MiniMax M2.7 Open-Sourced: Self-Evolving Agent Model with 56.22% SWE-Pro Score

1. MiniMax M2.7 Open-Sourced: Self-Evolving Agent Model with 56.22% SWE-Pro Score

MiniMax has released the weights for M2.7, an agentic model that actively participated in its own development cycle through unsupervised self-evolution. The model achieves a 56.22% score on the SWE-Pro benchmark, matching GPT-5.3-Codex performance. It is available for download on Hugging Face, with free API access currently provided by NVIDIA. Developers should note that the open-source license includes specific commercial limitations.

2. Anthropic API Prompt Cache TTL Regression Inflates Claude Code Costs

Analysis of Claude Code session logs indicates that Anthropic silently reduced the prompt cache Time-To-Live (TTL) default from 1 hour to 5 minutes in early March 2026. This server-side change has resulted in a 20 to 32 percent increase in cache creation costs for users. The reduced TTL causes frequent full cache misses during extended development sessions, leading to rapid quota exhaustion for subscription users. Developers relying on long-context sessions should monitor their API usage and adjust their workflow to mitigate these increased costs.

3. Liquid AI Releases LFM2.5-VL-450M Vision-Language Model for Edge Devices

Liquid AI has launched LFM2.5-VL-450M, an updated 450-million parameter vision-language model optimized for edge hardware. The new release adds support for bounding box prediction, function calling, and expanded multilingual understanding. It is designed to run directly on embedded AI modules like the NVIDIA Jetson Orin with sub-250ms inference times. This provides developers with a lightweight, multimodal option for local deployments where latency and compute are constrained.

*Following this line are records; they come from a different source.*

Lemma rootcomb_simple n (b : nat -> nat) (k : 'I_n) :
  rootcomb (fun i j => if val j == (val i).+1 then b i else 0%N) k =
  (if (k.+1 < n)%N then (b k)%:Z else 0) - (if (0 < k)%N then (b k.-1)%:Z else 0).
Proof.
pose G i := (((k == i :> nat) : nat)%:Z - ((k == i.+1 :> nat) : nat)%:Z) *+ b i.
have inner (i : 'I_n) : (\sum_(j < n | (i < j)%N)
    proot i j *+ (if val j == (val i).+1 then b i else 0%N)) k = if (i.+1 < n)%N then G i else 0.
  rewrite sum_ffunE (eq_bigr (fun j : 'I_n => if val j == (val i).+1 then G i else 0)).
    by rewrite -big_mkcondr (big_ord1_cond_eq _ (fun _ => G i) (fun j => (i < j)%N)) ltnSn andbT.
  move=> j _; rewrite ffunMnE !ffunE; case: (val j =P (val i).+1) => [eji|_]; last by rewrite mulr0n.
  by rewrite /G -[k == j]val_eqE -[k == i]val_eqE /= eji.
rewrite sum_ffunE (eq_bigr _ (fun i _ => inner i)).
rewrite -(big_mkord xpredT (fun i => if (i.+1 < n)%N then G i else 0)).
rewrite (eq_bigr (fun i => (if ((i.+1 < n) && (i == k))%N then (b i)%:Z else 0) -
                        (if (((i.+1 < n) && (0 < k)) && (i == k.-1))%N then (b i)%:Z else 0))); last first.
  move=> i _; rewrite /G; case: (i.+1 < n)%N; last by rewrite subrr.
  rewrite mulrnBl andTb; congr (_ - _).
    by rewrite eq_sym; case: eqP => _; rewrite ?mul1rn ?natz ?mul0rn.
  clear G inner; case: k => [[|k'] lt_k] /=; first by rewrite mul0rn.
  by rewrite eqSS eq_sym; case: eqP => _; rewrite ?mul1rn ?natz ?mul0rn.
rewrite sumrB -!big_mkcond !big_nat1_cond_eq /= ltn_ord.
clear G inner; case: k => [[|k'] lt_k] /=; first by rewrite ltnn !andbF subr0.
by rewrite lt_k (ltnW lt_k).
Qed.

Lemma simple_root_decomposition n (v : wt n) :
  (forall m, 0 <= psum m v) -> psum n v = 0 ->
  v = rootcomb (fun i j => if val j == (val i).+1 then `|psum (val i).+1 v|%N else 0%N).
Proof.
move=> ge0 total; apply/ffunP => k.
rewrite (rootcomb_simple (fun i => `|psum i.+1 v|%N)) !gez0_abs //.
have -> : v k = psum k.+1 v - psum k v by rewrite psumS coord_ord addrC addKr.
congr (_ - _); first case: ltnP => // ge_k.
  by have -> : k.+1 = n by apply/eqP; rewrite eqn_leq ge_k ltn_ord.
by case: posnP => [->|pos_k]; [rewrite /psum big_geq | rewrite prednK].
Qed.

Lemma incone_of_psum n (v : wt n) (z : int) :
  (forall m, 0 <= psum m v + z *+ minn m n) -> psum n v + z *+ n = 0 -> incone v.
Proof.
move=> ge0 total; set w := v + [ffun _ => z].
have psum_w m : psum m w = psum m v + z *+ minn m n by rewrite psumD psum_const.
have /ffunP decomp := @simple_root_decomposition n w
  (fun m => ltac:(rewrite psum_w; exact: ge0)) ltac:(rewrite psum_w minnn; exact: total).
exists (fun i j => if val j == (val i).+1 then `|psum (val i).+1 w|%N else 0%N), (- z).
by apply/ffunP => k; rewrite !ffunE -decomp !ffunE addrK.
Qed.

4. Small Open-Weights Models Replicate Anthropic Mythos Vulnerability Discoveries

Security researchers at AISLE demonstrated that small, open-weights models can recover the same zero-day vulnerability analysis as Anthropic's limited-access Mythos model. Testing showed that an open 3.6-billion parameter model successfully detected the flagship FreeBSD exploit highlighted in the Mythos announcement. This indicates that AI cybersecurity capabilities do not scale strictly with model size. The findings suggest that the defensive advantage lies in the surrounding security system architecture rather than relying solely on large proprietary models.

5. BenchJack Preview: Automated Exploit Tool Invalidates Major AI Agent Benchmarks

Researchers have developed BenchJack, an automated scanning agent that exploits major AI agent benchmarks like SWE-bench and WebArena to achieve near-perfect scores without solving tasks. The tool demonstrates that current leaderboards can be gamed using simple exploits, such as reading gold answers directly from task configurations. The creators are preparing BenchJack for public release to enable adversarial robustness testing for benchmark developers. This reveals a significant flaw in how industry models are currently evaluated for agentic capabilities.

6. Claudraband: Terminal Wrapper for Claude Code with Session Management

Claudraband is a new open-source tool that wraps the Claude Code TUI in a controlled terminal environment using tmux or xterm.js. It enables resumable, non-interactive workflows and allows developers to interrogate older sessions. The project includes an HTTP server for remote control and an ACP server for integration with alternative frontends like Zed. A TypeScript library is also provided for embedding these workflows into custom applications.